→ WORK REQUIRED
Please count how many lines in the entries below contain "Section" and reply with the figure alone.

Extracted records

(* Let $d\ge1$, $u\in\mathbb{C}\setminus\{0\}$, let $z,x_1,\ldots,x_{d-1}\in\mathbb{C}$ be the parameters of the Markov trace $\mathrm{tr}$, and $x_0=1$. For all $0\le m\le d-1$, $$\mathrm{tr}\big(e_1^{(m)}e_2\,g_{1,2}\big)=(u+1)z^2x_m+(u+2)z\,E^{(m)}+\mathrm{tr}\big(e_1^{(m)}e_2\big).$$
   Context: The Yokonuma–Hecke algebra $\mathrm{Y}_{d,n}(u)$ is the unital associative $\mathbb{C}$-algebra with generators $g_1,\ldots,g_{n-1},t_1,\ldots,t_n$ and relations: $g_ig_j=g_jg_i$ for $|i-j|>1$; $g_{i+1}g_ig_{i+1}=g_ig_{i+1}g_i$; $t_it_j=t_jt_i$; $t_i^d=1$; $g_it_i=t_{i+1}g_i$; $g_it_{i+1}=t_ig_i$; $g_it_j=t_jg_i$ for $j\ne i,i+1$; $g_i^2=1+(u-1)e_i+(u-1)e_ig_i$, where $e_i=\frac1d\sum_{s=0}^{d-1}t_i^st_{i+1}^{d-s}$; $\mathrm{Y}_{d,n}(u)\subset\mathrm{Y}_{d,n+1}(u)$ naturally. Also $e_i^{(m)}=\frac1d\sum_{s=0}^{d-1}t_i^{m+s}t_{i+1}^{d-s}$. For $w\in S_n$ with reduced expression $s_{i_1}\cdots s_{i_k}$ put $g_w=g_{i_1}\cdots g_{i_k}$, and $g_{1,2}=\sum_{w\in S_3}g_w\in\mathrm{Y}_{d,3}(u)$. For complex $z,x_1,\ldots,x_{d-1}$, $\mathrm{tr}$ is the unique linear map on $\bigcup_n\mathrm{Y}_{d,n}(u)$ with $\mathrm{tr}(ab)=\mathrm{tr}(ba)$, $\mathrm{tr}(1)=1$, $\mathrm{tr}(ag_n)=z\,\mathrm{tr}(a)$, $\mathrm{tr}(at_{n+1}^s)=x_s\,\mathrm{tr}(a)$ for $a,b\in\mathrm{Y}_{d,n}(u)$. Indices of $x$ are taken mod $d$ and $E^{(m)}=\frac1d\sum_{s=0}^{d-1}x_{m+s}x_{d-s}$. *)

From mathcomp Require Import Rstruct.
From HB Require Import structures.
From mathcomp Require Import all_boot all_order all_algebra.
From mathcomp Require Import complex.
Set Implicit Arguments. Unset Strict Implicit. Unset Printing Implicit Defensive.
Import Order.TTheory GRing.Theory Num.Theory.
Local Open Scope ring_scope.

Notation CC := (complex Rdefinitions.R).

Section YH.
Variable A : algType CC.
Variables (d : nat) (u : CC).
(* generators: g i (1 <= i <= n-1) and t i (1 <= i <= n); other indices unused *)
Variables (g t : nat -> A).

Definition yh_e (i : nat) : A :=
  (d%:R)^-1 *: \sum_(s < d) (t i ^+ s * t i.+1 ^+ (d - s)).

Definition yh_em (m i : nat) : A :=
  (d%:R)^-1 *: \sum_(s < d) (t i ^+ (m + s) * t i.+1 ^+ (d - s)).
==
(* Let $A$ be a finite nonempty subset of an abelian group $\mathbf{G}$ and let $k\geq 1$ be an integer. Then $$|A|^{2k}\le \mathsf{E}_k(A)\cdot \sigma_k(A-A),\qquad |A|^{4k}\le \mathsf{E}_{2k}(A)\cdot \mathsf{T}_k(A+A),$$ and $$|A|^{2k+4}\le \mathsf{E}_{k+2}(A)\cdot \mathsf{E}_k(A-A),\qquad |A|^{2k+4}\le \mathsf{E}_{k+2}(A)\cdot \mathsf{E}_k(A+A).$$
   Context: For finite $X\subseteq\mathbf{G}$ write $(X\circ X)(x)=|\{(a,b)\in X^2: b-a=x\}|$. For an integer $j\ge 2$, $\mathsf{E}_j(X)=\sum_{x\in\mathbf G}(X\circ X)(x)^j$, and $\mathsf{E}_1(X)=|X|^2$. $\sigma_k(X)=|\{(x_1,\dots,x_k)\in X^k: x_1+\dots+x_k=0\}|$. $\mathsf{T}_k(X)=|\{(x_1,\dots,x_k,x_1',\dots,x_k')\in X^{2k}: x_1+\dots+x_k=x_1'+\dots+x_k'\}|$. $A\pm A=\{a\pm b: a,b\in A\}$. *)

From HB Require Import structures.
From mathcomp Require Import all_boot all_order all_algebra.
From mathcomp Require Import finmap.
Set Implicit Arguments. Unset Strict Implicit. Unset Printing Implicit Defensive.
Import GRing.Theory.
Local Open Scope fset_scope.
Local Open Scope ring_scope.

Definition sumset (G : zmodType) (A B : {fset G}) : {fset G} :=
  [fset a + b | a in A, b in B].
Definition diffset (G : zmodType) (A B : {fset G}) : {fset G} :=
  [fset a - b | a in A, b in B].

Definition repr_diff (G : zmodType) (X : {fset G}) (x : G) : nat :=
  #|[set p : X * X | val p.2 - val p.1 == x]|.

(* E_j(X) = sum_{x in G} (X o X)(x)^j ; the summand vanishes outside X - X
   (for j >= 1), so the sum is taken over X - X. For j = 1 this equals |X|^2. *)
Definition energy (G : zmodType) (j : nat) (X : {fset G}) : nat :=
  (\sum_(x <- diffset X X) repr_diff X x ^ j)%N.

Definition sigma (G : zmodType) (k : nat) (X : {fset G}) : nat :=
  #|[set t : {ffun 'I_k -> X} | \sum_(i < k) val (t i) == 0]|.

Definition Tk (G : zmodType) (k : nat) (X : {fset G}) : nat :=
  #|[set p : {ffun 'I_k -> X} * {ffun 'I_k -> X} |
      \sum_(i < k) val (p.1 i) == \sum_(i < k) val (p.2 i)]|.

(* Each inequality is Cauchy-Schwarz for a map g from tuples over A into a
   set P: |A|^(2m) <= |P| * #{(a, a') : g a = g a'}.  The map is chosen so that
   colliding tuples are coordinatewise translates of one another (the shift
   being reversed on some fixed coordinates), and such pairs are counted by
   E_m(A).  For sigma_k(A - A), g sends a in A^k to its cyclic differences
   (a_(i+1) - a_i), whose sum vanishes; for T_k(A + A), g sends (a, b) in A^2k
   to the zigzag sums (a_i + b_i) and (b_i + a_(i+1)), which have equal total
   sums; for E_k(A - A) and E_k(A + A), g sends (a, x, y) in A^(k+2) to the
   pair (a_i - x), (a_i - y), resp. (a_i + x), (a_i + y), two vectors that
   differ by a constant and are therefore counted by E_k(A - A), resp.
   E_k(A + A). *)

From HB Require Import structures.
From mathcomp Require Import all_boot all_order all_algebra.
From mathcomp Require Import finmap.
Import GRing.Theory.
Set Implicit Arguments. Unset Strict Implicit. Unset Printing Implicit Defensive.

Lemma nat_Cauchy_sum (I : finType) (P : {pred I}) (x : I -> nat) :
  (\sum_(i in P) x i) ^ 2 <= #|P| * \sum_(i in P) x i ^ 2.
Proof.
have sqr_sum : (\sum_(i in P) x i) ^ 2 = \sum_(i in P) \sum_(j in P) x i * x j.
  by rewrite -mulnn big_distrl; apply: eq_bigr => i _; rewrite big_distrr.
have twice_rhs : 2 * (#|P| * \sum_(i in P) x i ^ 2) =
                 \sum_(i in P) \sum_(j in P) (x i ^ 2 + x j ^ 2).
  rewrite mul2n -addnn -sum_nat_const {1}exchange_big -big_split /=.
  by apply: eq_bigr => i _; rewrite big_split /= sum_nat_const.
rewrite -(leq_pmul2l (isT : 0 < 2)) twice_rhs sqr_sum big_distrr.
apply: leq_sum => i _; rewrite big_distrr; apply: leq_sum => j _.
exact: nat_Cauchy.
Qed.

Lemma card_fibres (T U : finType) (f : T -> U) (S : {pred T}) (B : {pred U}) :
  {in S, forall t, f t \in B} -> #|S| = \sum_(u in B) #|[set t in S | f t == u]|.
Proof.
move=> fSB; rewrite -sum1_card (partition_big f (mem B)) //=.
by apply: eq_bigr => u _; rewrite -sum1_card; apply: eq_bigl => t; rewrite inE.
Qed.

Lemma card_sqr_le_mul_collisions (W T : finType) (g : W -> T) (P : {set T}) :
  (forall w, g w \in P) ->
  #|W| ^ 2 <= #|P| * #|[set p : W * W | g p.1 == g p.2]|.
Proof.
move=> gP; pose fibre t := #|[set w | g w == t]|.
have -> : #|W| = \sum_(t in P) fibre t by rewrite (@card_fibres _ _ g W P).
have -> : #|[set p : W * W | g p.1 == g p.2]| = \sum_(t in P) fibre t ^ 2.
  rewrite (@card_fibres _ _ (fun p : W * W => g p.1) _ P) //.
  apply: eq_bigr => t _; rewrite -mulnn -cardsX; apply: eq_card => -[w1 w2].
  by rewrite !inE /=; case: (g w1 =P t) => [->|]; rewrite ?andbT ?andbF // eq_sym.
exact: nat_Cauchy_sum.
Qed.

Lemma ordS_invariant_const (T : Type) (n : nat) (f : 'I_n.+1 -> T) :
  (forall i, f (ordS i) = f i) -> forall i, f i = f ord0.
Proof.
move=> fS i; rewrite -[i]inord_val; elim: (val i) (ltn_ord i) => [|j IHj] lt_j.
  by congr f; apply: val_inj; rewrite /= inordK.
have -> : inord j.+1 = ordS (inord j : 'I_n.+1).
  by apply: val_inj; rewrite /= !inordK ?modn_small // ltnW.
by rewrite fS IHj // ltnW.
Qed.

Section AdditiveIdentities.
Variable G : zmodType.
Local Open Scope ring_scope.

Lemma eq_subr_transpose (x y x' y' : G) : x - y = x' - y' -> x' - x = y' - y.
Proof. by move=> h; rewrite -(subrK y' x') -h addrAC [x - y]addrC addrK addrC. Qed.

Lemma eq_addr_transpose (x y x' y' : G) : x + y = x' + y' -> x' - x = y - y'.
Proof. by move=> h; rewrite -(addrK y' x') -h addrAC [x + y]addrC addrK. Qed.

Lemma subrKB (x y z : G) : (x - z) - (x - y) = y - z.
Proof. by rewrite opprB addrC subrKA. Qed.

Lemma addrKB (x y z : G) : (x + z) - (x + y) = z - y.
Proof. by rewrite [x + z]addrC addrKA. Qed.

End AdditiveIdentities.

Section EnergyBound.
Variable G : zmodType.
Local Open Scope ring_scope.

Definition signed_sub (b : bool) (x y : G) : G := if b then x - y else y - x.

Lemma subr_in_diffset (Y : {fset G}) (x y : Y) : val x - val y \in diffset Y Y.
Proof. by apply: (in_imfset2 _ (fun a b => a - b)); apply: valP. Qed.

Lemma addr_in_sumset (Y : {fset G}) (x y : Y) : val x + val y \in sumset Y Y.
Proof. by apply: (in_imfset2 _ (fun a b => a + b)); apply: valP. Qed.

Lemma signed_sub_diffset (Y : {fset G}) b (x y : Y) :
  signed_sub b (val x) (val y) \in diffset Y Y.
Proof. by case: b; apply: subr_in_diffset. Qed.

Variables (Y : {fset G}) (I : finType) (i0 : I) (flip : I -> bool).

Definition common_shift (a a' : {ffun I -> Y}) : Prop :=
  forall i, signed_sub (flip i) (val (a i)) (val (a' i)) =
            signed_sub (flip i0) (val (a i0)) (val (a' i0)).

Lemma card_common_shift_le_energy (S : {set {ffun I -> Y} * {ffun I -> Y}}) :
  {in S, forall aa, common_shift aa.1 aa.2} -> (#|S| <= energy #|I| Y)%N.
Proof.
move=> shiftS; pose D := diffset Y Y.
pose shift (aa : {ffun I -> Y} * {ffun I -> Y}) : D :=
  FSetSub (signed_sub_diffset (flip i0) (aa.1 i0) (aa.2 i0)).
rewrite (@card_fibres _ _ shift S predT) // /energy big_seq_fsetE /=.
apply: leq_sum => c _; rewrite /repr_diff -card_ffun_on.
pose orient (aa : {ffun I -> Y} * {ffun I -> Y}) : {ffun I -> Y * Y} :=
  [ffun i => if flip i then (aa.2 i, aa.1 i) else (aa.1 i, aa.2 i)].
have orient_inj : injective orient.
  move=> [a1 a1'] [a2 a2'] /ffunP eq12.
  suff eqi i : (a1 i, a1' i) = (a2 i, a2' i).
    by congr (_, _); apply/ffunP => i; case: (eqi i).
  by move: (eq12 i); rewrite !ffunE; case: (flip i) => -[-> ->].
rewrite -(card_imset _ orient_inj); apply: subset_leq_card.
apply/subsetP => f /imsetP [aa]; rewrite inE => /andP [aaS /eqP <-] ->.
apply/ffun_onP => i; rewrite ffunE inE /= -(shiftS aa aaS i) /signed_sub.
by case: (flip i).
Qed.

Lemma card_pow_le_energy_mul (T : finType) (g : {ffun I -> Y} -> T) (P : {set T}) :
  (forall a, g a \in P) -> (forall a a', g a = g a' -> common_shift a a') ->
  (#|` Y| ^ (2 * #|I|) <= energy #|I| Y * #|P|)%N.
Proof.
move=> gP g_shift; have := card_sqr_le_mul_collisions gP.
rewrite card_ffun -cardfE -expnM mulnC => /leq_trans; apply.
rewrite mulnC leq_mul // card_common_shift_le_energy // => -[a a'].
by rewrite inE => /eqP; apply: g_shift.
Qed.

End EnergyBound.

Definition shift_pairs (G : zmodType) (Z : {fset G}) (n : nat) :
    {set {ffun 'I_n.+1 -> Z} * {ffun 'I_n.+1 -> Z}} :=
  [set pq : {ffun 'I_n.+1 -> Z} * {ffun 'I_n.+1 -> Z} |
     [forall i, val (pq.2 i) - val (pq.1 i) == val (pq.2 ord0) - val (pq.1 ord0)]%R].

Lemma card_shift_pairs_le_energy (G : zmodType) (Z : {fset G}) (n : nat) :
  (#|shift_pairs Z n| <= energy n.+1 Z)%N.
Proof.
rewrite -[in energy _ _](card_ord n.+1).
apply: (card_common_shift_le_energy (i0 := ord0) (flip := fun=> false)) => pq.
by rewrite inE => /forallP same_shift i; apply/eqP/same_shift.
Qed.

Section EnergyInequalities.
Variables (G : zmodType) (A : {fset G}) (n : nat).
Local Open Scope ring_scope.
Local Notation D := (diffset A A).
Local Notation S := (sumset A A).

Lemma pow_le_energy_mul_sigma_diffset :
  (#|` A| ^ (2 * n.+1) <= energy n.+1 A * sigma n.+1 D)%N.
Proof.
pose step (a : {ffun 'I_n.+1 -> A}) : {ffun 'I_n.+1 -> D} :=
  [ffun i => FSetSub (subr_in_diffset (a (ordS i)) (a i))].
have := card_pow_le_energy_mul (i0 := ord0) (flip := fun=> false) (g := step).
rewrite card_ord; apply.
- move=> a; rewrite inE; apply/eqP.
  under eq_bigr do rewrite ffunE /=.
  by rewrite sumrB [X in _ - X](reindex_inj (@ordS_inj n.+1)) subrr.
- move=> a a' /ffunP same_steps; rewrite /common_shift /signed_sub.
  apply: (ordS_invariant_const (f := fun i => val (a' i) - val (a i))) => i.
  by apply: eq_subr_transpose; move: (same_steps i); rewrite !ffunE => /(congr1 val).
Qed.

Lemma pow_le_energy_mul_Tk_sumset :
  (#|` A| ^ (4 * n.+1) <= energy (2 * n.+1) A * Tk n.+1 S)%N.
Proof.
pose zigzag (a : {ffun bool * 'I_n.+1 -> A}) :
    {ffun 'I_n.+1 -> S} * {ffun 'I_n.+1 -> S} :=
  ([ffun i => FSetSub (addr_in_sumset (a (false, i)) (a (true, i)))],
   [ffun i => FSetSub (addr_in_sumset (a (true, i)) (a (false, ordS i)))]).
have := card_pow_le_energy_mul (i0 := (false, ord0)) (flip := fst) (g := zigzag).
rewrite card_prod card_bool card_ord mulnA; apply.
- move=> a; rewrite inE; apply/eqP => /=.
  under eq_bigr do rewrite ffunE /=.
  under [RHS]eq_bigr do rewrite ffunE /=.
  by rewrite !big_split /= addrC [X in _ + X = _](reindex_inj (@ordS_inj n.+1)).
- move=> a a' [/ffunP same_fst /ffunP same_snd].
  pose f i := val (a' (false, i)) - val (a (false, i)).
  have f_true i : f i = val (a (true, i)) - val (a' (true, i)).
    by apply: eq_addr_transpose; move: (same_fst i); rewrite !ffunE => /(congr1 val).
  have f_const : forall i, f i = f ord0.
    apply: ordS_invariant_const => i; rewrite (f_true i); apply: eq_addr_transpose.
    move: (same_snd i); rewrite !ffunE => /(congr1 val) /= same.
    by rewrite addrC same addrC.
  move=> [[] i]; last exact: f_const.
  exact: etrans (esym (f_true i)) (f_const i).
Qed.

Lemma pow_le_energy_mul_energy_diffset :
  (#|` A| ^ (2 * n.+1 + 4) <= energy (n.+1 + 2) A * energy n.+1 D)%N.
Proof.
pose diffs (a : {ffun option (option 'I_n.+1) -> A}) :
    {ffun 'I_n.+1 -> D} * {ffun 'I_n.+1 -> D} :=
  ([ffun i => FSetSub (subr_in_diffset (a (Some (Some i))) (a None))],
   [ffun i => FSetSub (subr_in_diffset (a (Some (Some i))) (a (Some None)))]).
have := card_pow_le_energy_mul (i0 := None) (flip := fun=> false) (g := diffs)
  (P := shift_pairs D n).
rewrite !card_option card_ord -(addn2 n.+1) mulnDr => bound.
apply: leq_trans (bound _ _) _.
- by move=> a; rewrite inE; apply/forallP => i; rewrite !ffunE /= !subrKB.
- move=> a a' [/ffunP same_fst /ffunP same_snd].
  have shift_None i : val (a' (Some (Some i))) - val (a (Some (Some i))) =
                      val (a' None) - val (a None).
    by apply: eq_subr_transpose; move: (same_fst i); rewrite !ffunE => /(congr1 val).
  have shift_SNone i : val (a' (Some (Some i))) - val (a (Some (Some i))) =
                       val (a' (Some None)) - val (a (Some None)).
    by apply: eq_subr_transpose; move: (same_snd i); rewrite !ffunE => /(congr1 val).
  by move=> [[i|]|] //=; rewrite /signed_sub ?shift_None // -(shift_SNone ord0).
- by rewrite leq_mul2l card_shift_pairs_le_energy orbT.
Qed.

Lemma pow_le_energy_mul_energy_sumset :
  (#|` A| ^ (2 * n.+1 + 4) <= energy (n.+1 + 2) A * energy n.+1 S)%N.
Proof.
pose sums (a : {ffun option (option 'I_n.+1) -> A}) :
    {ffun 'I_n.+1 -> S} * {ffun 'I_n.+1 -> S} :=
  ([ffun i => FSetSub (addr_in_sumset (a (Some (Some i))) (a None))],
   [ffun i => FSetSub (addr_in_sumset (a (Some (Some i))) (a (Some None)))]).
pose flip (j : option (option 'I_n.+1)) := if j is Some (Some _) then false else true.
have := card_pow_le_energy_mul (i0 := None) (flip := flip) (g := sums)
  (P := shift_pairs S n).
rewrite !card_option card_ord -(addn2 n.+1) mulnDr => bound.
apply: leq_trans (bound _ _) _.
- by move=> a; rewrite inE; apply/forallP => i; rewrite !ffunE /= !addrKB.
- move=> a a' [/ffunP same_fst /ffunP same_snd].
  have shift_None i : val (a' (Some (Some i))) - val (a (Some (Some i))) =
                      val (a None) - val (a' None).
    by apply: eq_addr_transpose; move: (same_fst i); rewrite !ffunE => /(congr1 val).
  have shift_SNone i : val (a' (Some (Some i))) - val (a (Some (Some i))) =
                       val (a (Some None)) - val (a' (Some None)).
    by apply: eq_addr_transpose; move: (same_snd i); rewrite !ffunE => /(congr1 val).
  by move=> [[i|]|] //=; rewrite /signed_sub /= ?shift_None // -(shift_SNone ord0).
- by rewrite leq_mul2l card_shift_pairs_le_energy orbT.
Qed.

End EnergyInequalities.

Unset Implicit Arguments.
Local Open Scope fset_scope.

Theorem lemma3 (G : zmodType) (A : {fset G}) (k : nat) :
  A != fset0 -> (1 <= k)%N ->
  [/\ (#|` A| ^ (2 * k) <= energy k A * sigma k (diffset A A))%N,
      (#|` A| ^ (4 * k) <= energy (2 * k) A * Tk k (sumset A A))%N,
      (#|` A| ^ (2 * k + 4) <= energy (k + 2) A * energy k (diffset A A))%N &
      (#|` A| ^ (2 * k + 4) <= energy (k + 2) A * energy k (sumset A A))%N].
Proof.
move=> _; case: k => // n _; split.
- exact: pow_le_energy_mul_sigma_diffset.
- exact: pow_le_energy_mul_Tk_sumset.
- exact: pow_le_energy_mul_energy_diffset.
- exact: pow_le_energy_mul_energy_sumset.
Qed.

→ FINAL ANSWER
4